> **WORK INSTRUCTIONS**: Below are some records. Print all of them exactly as they appear.

> **DATA SECTION**:

(* Assume $r$ is not a codeword of the GRS code (equivalently $\deg R\ge k$). Let $B\in\mathbb F_q[X]^{(\ell+1)\times(\ell+1)}$ represent a basis $B^{(0)},\dots,B^{(\ell)}$ of $M_{s,\ell}$ such that $BW_\ell$ is in weak Popov form. Let $C^{\mathrm{II}}$ be the $(\ell+2)\times(\ell+2)$ matrix whose first row is $(G^{s+1},0,\dots,0)$ and whose $(i+1)$-th row ($i=0,\dots,\ell$) is the coefficient vector (of length $\ell+2$) of $B^{(i)}(X,Y)(Y-R(X))$. Then $\Delta(C^{\mathrm{II}}W_{\ell+1})=(\ell+1)(\deg R-k+1)\le(\ell+1)(n-k)$.
   Context: Let $\mathbb F_q$ be a finite field, $1\le k<n<q$, $\alpha_0,\dots,\alpha_{n-1}$ distinct nonzero elements of $\mathbb F_q$, $w_0,\dots,w_{n-1}$ nonzero elements of $\mathbb F_q$. The GRS code is $\{(w_0f(\alpha_0),\dots,w_{n-1}f(\alpha_{n-1})): f\in\mathbb F_q[X],\deg f<k\}$. Let $r\in\mathbb F_q^n$, $r_i'=r_i/w_i$, $G=\prod_i(X-\alpha_i)$, and $R$ the unique polynomial of degree $<n$ with $R(\alpha_i)=r_i'$. For positive integers $s\le\ell$, $M_{s,\ell}$ is the $\mathbb F_q[X]$-module of all $Q\in\mathbb F_q[X,Y]$ of $Y$-degree at most $\ell$ such that for each $i$, $Q(X+\alpha_i,Y+r_i')$ has no monomials of total degree less than $s$. A polynomial $\sum_tQ_t(X)Y^t$ has coefficient vector $(Q_0,Q_1,\dots)$; a matrix represents a basis if its rows are the coefficient vectors of the basis elements. $W_\ell=\mathrm{diag}(1,X^{k-1},\dots,X^{\ell(k-1)})$. For $v\in\mathbb F_q[X]^m$, $\deg v=\max_i\deg v_i$, $\mathrm{LP}(v)=\max\{i:\deg v_i=\deg v\}$; a matrix is in weak Popov form if its rows have pairwise different leading positions. For a square matrix $V$ with rows $v_i$, $\deg V=\sum_i\deg v_i$ and $\Delta(V)=\deg V-\deg\det V$. *)

From HB Require Import structures.
From mathcomp Require Import all_boot all_order all_algebra.
Set Implicit Arguments. Unset Strict Implicit. Unset Printing Implicit Defensive.
Import Order.TTheory GRing.Theory Num.Theory.
Local Open Scope ring_scope.

(* Bivariate polynomials are {poly {poly F}}: the OUTER variable is Y,
   the coefficients are univariate polynomials in X. *)

Section GRSDefs.
Variable F : fieldType.

Definition polyXY_of_vec m (v : 'rV[{poly F}]_m) : {poly {poly F}} :=
  \sum_(t < m) (v ord0 t)%:P * 'X^t.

> **SOLVED EXERCISE**:
(* Assume $r$ is not a codeword of the GRS code (equivalently $\deg R\ge k$). Let $B\in\mathbb F_q[X]^{(\ell+1)\times(\ell+1)}$ represent a basis $B^{(0)},\dots,B^{(\ell)}$ of $M_{s,\ell}$ such that $BW_\ell$ is in weak Popov form. Let $C^{\mathrm{II}}$ be the $(\ell+2)\times(\ell+2)$ matrix whose first row is $(G^{s+1},0,\dots,0)$ and whose $(i+1)$-th row ($i=0,\dots,\ell$) is the coefficient vector (of length $\ell+2$) of $B^{(i)}(X,Y)(Y-R(X))$. Then $\Delta(C^{\mathrm{II}}W_{\ell+1})=(\ell+1)(\deg R-k+1)\le(\ell+1)(n-k)$.
   Context: Let $\mathbb F_q$ be a finite field, $1\le k<n<q$, $\alpha_0,\dots,\alpha_{n-1}$ distinct nonzero elements of $\mathbb F_q$, $w_0,\dots,w_{n-1}$ nonzero elements of $\mathbb F_q$. The GRS code is $\{(w_0f(\alpha_0),\dots,w_{n-1}f(\alpha_{n-1})): f\in\mathbb F_q[X],\deg f<k\}$. Let $r\in\mathbb F_q^n$, $r_i'=r_i/w_i$, $G=\prod_i(X-\alpha_i)$, and $R$ the unique polynomial of degree $<n$ with $R(\alpha_i)=r_i'$. For positive integers $s\le\ell$, $M_{s,\ell}$ is the $\mathbb F_q[X]$-module of all $Q\in\mathbb F_q[X,Y]$ of $Y$-degree at most $\ell$ such that for each $i$, $Q(X+\alpha_i,Y+r_i')$ has no monomials of total degree less than $s$. A polynomial $\sum_tQ_t(X)Y^t$ has coefficient vector $(Q_0,Q_1,\dots)$; a matrix represents a basis if its rows are the coefficient vectors of the basis elements. $W_\ell=\mathrm{diag}(1,X^{k-1},\dots,X^{\ell(k-1)})$. For $v\in\mathbb F_q[X]^m$, $\deg v=\max_i\deg v_i$, $\mathrm{LP}(v)=\max\{i:\deg v_i=\deg v\}$; a matrix is in weak Popov form if its rows have pairwise different leading positions. For a square matrix $V$ with rows $v_i$, $\deg V=\sum_i\deg v_i$ and $\Delta(V)=\deg V-\deg\det V$. *)

From HB Require Import structures.
From mathcomp Require Import all_boot all_order all_algebra.
Set Implicit Arguments. Unset Strict Implicit. Unset Printing Implicit Defensive.
Import Order.TTheory GRing.Theory Num.Theory.
Local Open Scope ring_scope.

(* Bivariate polynomials are {poly {poly F}}: the OUTER variable is Y,
   the coefficients are univariate polynomials in X. *)

Section GRSDefs.
Variable F : fieldType.

Definition polyXY_of_vec m (v : 'rV[{poly F}]_m) : {poly {poly F}} :=
  \sum_(t < m) (v ord0 t)%:P * 'X^t.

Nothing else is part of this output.